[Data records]
+ + + +
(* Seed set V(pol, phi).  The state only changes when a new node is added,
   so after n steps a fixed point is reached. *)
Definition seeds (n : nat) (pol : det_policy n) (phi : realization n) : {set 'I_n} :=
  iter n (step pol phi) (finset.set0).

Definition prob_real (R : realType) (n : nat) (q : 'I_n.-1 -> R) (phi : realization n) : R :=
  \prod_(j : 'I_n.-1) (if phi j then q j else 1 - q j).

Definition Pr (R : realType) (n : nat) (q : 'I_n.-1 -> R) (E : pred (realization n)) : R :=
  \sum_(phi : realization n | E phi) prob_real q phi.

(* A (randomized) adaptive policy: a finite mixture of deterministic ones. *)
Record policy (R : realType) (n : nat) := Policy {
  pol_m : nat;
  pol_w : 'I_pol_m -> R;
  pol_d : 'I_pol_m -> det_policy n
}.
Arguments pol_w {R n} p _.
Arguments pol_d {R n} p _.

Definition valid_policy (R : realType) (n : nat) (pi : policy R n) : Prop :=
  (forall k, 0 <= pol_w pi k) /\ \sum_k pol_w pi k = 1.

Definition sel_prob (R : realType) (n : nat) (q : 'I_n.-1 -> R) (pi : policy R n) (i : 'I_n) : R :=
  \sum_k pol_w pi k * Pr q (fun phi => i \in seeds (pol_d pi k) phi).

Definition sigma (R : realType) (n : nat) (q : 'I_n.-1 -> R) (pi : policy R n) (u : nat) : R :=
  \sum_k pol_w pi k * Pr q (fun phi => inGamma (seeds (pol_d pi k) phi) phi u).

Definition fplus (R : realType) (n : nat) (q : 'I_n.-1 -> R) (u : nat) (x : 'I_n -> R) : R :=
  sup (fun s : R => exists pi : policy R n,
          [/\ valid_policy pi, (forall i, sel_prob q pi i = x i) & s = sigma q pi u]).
+ + + +
### PROMPT:
Check each line of the data for the string "realization" and state how many lines contain it, without any other output.

### RESPONSE:
4